▶ PROBLEM REQUIREMENTS:
From the listing below, set down exactly the lines between the one holding "Context: Parameter domain" and the one holding "Open Scope R_scope.", inclusive. No other line is wanted.

━━━━━━━━━━━━━━━━

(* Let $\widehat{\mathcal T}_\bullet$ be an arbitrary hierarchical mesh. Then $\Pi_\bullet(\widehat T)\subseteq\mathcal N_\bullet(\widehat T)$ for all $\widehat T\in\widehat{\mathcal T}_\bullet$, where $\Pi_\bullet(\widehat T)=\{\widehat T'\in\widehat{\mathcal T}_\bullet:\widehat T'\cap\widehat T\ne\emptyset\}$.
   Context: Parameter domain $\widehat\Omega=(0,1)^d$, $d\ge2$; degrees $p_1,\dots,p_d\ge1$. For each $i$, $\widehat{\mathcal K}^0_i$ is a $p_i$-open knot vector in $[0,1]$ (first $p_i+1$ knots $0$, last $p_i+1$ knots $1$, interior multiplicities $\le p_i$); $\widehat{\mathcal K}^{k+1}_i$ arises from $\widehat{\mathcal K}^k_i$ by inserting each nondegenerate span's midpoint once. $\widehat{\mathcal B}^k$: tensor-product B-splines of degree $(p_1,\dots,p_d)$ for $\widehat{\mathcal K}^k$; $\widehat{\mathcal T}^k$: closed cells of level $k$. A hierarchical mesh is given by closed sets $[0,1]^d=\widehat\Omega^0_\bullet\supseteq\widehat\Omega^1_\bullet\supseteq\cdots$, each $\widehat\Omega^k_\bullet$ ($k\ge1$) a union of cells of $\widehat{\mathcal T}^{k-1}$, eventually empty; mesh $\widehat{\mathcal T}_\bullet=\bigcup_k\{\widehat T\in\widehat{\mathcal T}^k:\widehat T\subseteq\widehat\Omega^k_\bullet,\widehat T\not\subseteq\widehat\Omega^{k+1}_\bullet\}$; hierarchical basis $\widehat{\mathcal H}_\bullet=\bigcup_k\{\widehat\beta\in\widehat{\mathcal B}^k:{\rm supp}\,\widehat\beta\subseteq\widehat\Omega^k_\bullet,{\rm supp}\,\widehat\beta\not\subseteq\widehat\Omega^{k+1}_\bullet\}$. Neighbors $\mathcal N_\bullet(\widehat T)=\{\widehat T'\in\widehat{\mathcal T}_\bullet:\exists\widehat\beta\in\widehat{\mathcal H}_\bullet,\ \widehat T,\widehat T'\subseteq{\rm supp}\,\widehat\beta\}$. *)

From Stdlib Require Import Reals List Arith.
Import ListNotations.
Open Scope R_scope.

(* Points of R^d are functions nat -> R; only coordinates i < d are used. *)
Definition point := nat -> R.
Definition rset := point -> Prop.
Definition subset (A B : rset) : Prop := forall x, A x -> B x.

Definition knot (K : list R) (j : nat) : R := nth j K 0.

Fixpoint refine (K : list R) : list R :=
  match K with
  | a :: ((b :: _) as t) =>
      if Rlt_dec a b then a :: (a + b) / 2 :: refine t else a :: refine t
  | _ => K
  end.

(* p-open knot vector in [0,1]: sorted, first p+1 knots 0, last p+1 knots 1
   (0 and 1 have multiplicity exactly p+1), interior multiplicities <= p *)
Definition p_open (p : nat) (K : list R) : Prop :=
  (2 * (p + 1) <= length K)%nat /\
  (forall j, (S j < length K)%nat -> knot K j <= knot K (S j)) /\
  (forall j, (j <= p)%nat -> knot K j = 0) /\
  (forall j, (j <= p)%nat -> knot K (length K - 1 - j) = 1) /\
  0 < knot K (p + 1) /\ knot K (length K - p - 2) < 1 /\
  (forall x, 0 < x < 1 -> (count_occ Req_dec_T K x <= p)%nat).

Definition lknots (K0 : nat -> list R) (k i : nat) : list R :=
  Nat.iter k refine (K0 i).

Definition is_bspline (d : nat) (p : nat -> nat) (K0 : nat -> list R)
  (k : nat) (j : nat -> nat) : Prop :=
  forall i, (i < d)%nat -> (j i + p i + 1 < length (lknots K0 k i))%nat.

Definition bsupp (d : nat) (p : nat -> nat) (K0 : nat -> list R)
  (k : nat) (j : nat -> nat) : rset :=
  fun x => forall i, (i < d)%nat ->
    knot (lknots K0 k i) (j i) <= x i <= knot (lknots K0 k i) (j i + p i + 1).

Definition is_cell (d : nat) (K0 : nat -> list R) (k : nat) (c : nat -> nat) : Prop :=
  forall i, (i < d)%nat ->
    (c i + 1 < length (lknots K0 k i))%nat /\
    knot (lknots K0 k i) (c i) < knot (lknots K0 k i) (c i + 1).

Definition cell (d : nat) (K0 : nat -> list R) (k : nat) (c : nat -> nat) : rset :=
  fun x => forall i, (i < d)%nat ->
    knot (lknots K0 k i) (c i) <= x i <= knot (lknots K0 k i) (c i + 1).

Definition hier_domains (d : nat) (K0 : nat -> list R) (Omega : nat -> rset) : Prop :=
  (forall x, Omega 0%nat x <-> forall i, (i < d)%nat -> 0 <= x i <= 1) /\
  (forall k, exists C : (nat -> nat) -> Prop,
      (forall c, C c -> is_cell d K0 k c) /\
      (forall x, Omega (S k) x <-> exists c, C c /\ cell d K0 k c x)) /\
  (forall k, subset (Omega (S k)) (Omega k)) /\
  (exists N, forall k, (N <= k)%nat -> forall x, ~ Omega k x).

━━━━━━━━━━━━━━━━

▶ ANSWER BOX:
   Context: Parameter domain $\widehat\Omega=(0,1)^d$, $d\ge2$; degrees $p_1,\dots,p_d\ge1$. For each $i$, $\widehat{\mathcal K}^0_i$ is a $p_i$-open knot vector in $[0,1]$ (first $p_i+1$ knots $0$, last $p_i+1$ knots $1$, interior multiplicities $\le p_i$); $\widehat{\mathcal K}^{k+1}_i$ arises from $\widehat{\mathcal K}^k_i$ by inserting each nondegenerate span's midpoint once. $\widehat{\mathcal B}^k$: tensor-product B-splines of degree $(p_1,\dots,p_d)$ for $\widehat{\mathcal K}^k$; $\widehat{\mathcal T}^k$: closed cells of level $k$. A hierarchical mesh is given by closed sets $[0,1]^d=\widehat\Omega^0_\bullet\supseteq\widehat\Omega^1_\bullet\supseteq\cdots$, each $\widehat\Omega^k_\bullet$ ($k\ge1$) a union of cells of $\widehat{\mathcal T}^{k-1}$, eventually empty; mesh $\widehat{\mathcal T}_\bullet=\bigcup_k\{\widehat T\in\widehat{\mathcal T}^k:\widehat T\subseteq\widehat\Omega^k_\bullet,\widehat T\not\subseteq\widehat\Omega^{k+1}_\bullet\}$; hierarchical basis $\widehat{\mathcal H}_\bullet=\bigcup_k\{\widehat\beta\in\widehat{\mathcal B}^k:{\rm supp}\,\widehat\beta\subseteq\widehat\Omega^k_\bullet,{\rm supp}\,\widehat\beta\not\subseteq\widehat\Omega^{k+1}_\bullet\}$. Neighbors $\mathcal N_\bullet(\widehat T)=\{\widehat T'\in\widehat{\mathcal T}_\bullet:\exists\widehat\beta\in\widehat{\mathcal H}_\bullet,\ \widehat T,\widehat T'\subseteq{\rm supp}\,\widehat\beta\}$. *)

From Stdlib Require Import Reals List Arith.
Import ListNotations.
Open Scope R_scope.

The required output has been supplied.